Similar work with autistic subjects, conducted by Kalle Reichelt, Paul Shattock, and a host of others, has shown that gluten-free, dairy-free diets offer real promise for symptom reduction in this very challenging sub-population. Similarly, some amazing reversals of learning disabilities, through gluten-free diets, have been reported at Nunnykirk School in the United Kingdom. Further, about two thirds of untreated celiac children show signs and symptoms of attention deficit disorders. These children have long been reported to normalize within one year of beginning a gluten free diet (see: http://members.shaw.ca/oldsite/My_Master%27s_thesis.htm).
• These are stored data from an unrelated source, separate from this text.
(* For all terms $s,t$ over $\Sigma_{SCL}(A)$ (possibly containing variables), if $\mathrm{EqFSCL}\vdash s=t$ then $\mathbb M_{se}\models s=t$, i.e. $s$ and $t$ have equal interpretations in $\mathbb M_{se}$ under every assignment of elements of the domain of $\mathbb M_{se}$ to the variables.
   Context: Let $A$ be a nonempty set of atoms. The signature $\Sigma_{SCL}(A)$ consists of the constants $\mathsf T,\mathsf F$, each atom $a\in A$ as a constant, unary negation $\neg$, and two binary connectives written $x\land^\circ y$ (left-sequential, short-circuit conjunction) and $x\lor^\circ y$ (left-sequential, short-circuit disjunction). $\mathcal S_A$ denotes the set of closed terms over $\Sigma_{SCL}(A)$. EqFSCL is the following set of equations in variables $x,y,z$: (F1) $\mathsf F=\neg\mathsf T$; (F2) $x\lor^\circ y=\neg(\neg x\land^\circ\neg y)$; (F3) $\neg\neg x=x$; (F4) $\mathsf T\land^\circ x=x$; (F5) $x\lor^\circ\mathsf F=x$; (F6) $\mathsf F\land^\circ x=\mathsf F$; (F7) $(x\land^\circ y)\land^\circ z=x\land^\circ(y\land^\circ z)$; (F8) $\neg x\land^\circ\mathsf F=x\land^\circ\mathsf F$; (F9) $(x\land^\circ\mathsf F)\lor^\circ y=(x\lor^\circ\mathsf T)\land^\circ y$; (F10) $(x\land^\circ y)\lor^\circ(z\land^\circ\mathsf F)=(x\lor^\circ(z\land^\circ\mathsf F))\land^\circ(y\lor^\circ(z\land^\circ\mathsf F))$. $E\vdash s=t$ means $s=t$ is derivable from the equations $E$ in equational logic (reflexivity, symmetry, transitivity, congruence, substitution). Evaluation trees: the set $\mathcal T_A$ is defined inductively by $\mathsf T,\mathsf F\in\mathcal T_A$ and $(X\unlhd a\unrhd Y)\in\mathcal T_A$ for $X,Y\in\mathcal T_A$, $a\in A$ (a binary tree with root labelled $a$, left branch $X$, right branch $Y$, leaves labelled $\mathsf T$ or $\mathsf F$). Leaf replacement is defined by $\mathsf T[\mathsf T\mapsto Y,\mathsf F\mapsto Z]=Y$, $\mathsf F[\mathsf T\mapsto Y,\mathsf F\mapsto Z]=Z$, $(X_1\unlhd a\unrhd X_2)[\mathsf T\mapsto Y,\mathsf F\mapsto Z]=X_1[\mathsf T\mapsto Y,\mathsf F\mapsto Z]\unlhd a\unrhd X_2[\mathsf T\mapsto Y,\mathsf F\mapsto Z]$; an omitted replacement is the identity (e.g. $X[\mathsf T\mapsto Y]=X[\mathsf T\mapsto Y,\mathsf F\mapsto\mathsf F]$). The short-circuit evaluation function $se:\mathcal S_A\to\mathcal T_A$ is: $se(\mathsf T)=\mathsf T$, $se(\mathsf F)=\mathsf F$, $se(a)=\mathsf T\unlhd a\unrhd\mathsf F$, $se(\neg P)=se(P)[\mathsf T\mapsto\mathsf F,\mathsf F\mapsto\mathsf T]$, $se(P\land^\circ Q)=se(P)[\mathsf T\mapsto se(Q)]$, $se(P\lor^\circ Q)=se(P)[\mathsf F\mapsto se(Q)]$. The model $\mathbb M_{se}$ is the $\Sigma_{SCL}(A)$-algebra with domain $\{se(P)\mid P\in\mathcal S_A\}$, interpreting $\mathsf T,\mathsf F,a$ as $\mathsf T$, $\mathsf F$, $\mathsf T\unlhd a\unrhd\mathsf F$, and $\neg X=X[\mathsf T\mapsto\mathsf F,\mathsf F\mapsto\mathsf T]$, $X\land^\circ Y=X[\mathsf T\mapsto Y]$, $X\lor^\circ Y=X[\mathsf F\mapsto Y]$. (For closed $P$, the interpretation of $P$ in $\mathbb M_{se}$ is $se(P)$.) *)

Set Implicit Arguments.

Section SCL.
Variable A : Type.

Inductive cterm : Type :=
| cT | cF | cAt (a : A) | cNeg (P : cterm)
| cAnd (P Q : cterm) | cOr (P Q : cterm).

Inductive term : Type :=
| Var (n : nat) | tT | tF | tAt (a : A) | tNeg (t : term)
| tAnd (s t : term) | tOr (s t : term).

Inductive tree : Type :=
| LT | LF | Node (X : tree) (a : A) (Y : tree).

Fixpoint repl (X Y Z : tree) : tree :=
  match X with
  | LT => Y
  | LF => Z
  | Node X1 a X2 => Node (repl X1 Y Z) a (repl X2 Y Z)
  end.

Fixpoint se (P : cterm) : tree :=
  match P with
  | cT => LT
  | cF => LF
  | cAt a => Node LT a LF
  | cNeg P => repl (se P) LF LT
  | cAnd P Q => repl (se P) (se Q) LF
  | cOr P Q => repl (se P) LT (se Q)
  end.

Definition in_Mse (X : tree) : Prop := exists P : cterm, X = se P.

Fixpoint interp (rho : nat -> tree) (t : term) : tree :=
  match t with
  | Var n => rho n
  | tT => LT
  | tF => LF
  | tAt a => Node LT a LF
  | tNeg s => repl (interp rho s) LF LT
  | tAnd s u => repl (interp rho s) (interp rho u) LF
  | tOr s u => repl (interp rho s) LT (interp rho u)
  end.

Definition Mse_models (s t : term) : Prop :=
  forall rho : nat -> tree, (forall n, in_Mse (rho n)) -> interp rho s = interp rho t.

Fixpoint subst (sigma : nat -> term) (t : term) : term :=
  match t with
  | Var n => sigma n
  | tT => tT
  | tF => tF
  | tAt a => tAt a
  | tNeg s => tNeg (subst sigma s)
  | tAnd s u => tAnd (subst sigma s) (subst sigma u)
  | tOr s u => tOr (subst sigma s) (subst sigma u)
  end.

Let x := Var 0.
Let y := Var 1.
Let z := Var 2.

Inductive EqFSCL : term -> term -> Prop :=
| F1 : EqFSCL tF (tNeg tT)
| F2 : EqFSCL (tOr x y) (tNeg (tAnd (tNeg x) (tNeg y)))
| F3 : EqFSCL (tNeg (tNeg x)) x
| F4 : EqFSCL (tAnd tT x) x
| F5 : EqFSCL (tOr x tF) x
| F6 : EqFSCL (tAnd tF x) tF
| F7 : EqFSCL (tAnd (tAnd x y) z) (tAnd x (tAnd y z))
| F8 : EqFSCL (tAnd (tNeg x) tF) (tAnd x tF)
| F9 : EqFSCL (tOr (tAnd x tF) y) (tAnd (tOr x tT) y)
| F10 : EqFSCL (tOr (tAnd x y) (tAnd z tF))
               (tAnd (tOr x (tAnd z tF)) (tOr y (tAnd z tF))).

Inductive derivable (E : term -> term -> Prop) : term -> term -> Prop :=
| d_ax : forall s t, E s t -> derivable E s t
| d_refl : forall t, derivable E t t
| d_sym : forall s t, derivable E s t -> derivable E t s
| d_trans : forall s t u, derivable E s t -> derivable E t u -> derivable E s u
| d_neg : forall s t, derivable E s t -> derivable E (tNeg s) (tNeg t)
| d_and : forall s1 t1 s2 t2, derivable E s1 t1 -> derivable E s2 t2 ->
    derivable E (tAnd s1 s2) (tAnd t1 t2)
| d_or : forall s1 t1 s2 t2, derivable E s1 t1 -> derivable E s2 t2 ->
    derivable E (tOr s1 s2) (tOr t1 t2)
| d_subst : forall sigma s t, derivable E s t ->
    derivable E (subst sigma s) (subst sigma t).

End SCL.


(* Leaf replacement is associative and has [X[T |-> T, F |-> F] = X]; with these
   two identities every axiom of EqFSCL becomes an equality that holds for
   arbitrary trees.  Since interpretation commutes with substitution, validity
   under every assignment is preserved by all rules of equational logic. *)

Section Soundness.

Context {A : Type}.

Lemma repl_assoc (X Y Z U V : tree A) :
  repl (repl X Y Z) U V = repl X (repl Y U V) (repl Z U V).
Proof. induction X; simpl; congruence. Qed.

Lemma repl_LT_LF (X : tree A) : repl X (LT A) (LF A) = X.
Proof. induction X; simpl; congruence. Qed.

Lemma interp_subst (rho : nat -> tree A) (sigma : nat -> term A) (t : term A) :
  interp rho (subst sigma t) = interp (fun n => interp rho (sigma n)) t.
Proof. induction t; simpl; congruence. Qed.

Lemma EqFSCL_valid {s t : term A} :
  EqFSCL s t -> forall rho, interp rho s = interp rho t.
Proof.
  intros Hst rho; destruct Hst; simpl;
    rewrite ?repl_assoc; simpl; rewrite ?repl_assoc, ?repl_LT_LF; reflexivity.
Qed.

Lemma derivable_EqFSCL_valid {s t : term A} :
  derivable (@EqFSCL A) s t -> forall rho, interp rho s = interp rho t.
Proof.
  induction 1 as [s t Hax | | | | | | | sigma s t _ IH]; intro rho; simpl;
    try congruence.
  - exact (EqFSCL_valid Hax rho).
  - rewrite !interp_subst; apply IH.
Qed.

End Soundness.

Theorem theorem2p3 (A : Type) (HA : inhabited A) (s t : term A) :
  derivable (@EqFSCL A) s t -> Mse_models s t.
Proof.
  intros Hst rho _.
  exact (derivable_EqFSCL_valid Hst rho).
Qed.
Variables (J : instance R H) (s : seq (event R H)).
Hypothesis Fs : feasible J s.

Lemma rej_sub_prop m : m \in rej_of s -> m \in prop_of s.
Proof.
elim: Fs m => // s' r h _ IH.
- by move=> _ _ _ _ m; rewrite rej_rcons prop_rcons /= => /IH ->; rewrite orbT.
- move=> O _ m; rewrite rej_rcons prop_rcons /= => /orP[/eqP[<-]|/IH//].
  by case/and3P: O.
Qed.

Lemma prop_mem_rlist a b : (a, b) \in prop_of s -> b \in rlist J a.
Proof.
elim: Fs a b => [|s' r h _ IH _ _ hin _|s' r h _ IH _ _] a b.
- by rewrite inE.
- by rewrite prop_rcons => /orP[/eqP[<- <-]|/IH].
- by rewrite prop_rcons => /IH.
Qed.

Lemma prop_rej_before a b b' : (a, b) \in prop_of s ->
  b' \in take (index b (rlist J a)) (rlist J a) -> (a, b') \in rej_of s.
Proof.
elim: Fs a b b' => [|s' r h _ IH _ _ _ before|s' r h _ IH _ _] a b b'.
- by rewrite inE.
- rewrite prop_rcons rej_rcons => /orP[/eqP[<- <-] /before ->|/IH earlier /earlier ->];
    by rewrite orbT.
- by rewrite prop_rcons rej_rcons => /IH earlier /earlier ->; rewrite orbT.
Qed.

Lemma tent_functional a b1 b2 :
  (a, b1) \in tent_of s -> (a, b2) \in tent_of s -> b1 = b2.
Proof.
rewrite !in_setD => /andP[nr1 p1] /andP[nr2 p2]; apply/eqP/negPn/negP => ne.
have := index_neq (prop_mem_rlist p1) ne; rewrite neq_ltn => /orP[] lt.
- by move: nr1; rewrite (prop_rej_before p2) // in_take ?(prop_mem_rlist p1).
- by move: nr2; rewrite (prop_rej_before p1) // in_take ?(prop_mem_rlist p2).
Qed.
Despite all of this contrary evidence, most allopathic practitioners continue to insist that gluten is a healthful food and they continue to recommend its daily consumption. They may be willing to concede gluten’s role in celiac disease and even in dermatitis herpetiformis, but they continue to ignore all of the other reported findings in association with the broad spectrum of diseases in which gluten sensitivity or celiac disease is grossly overrepresented. They continue to ignore or deny the potential value of a gluten free diet in the face of compelling evidence. Most of these same medical practitioners and investigators would be deeply offended by my suggestion that they are little different from those advocating coffee enemas or juicing. Yet their beliefs are not based on the evidence presented in their professional literature. In my dictionary, acting on irrational beliefs is called ‘superstition’. It is the superstitious resistance to solid evidence that is most frustrating when dealing with ignorance – whether the impetus is to push coffee enemas into your rectum or ingest yet another chemical compound from a prosperous pharmaceutical manufacturer despite evidence that a gluten-free diet might produce results that are more desirable to the patient.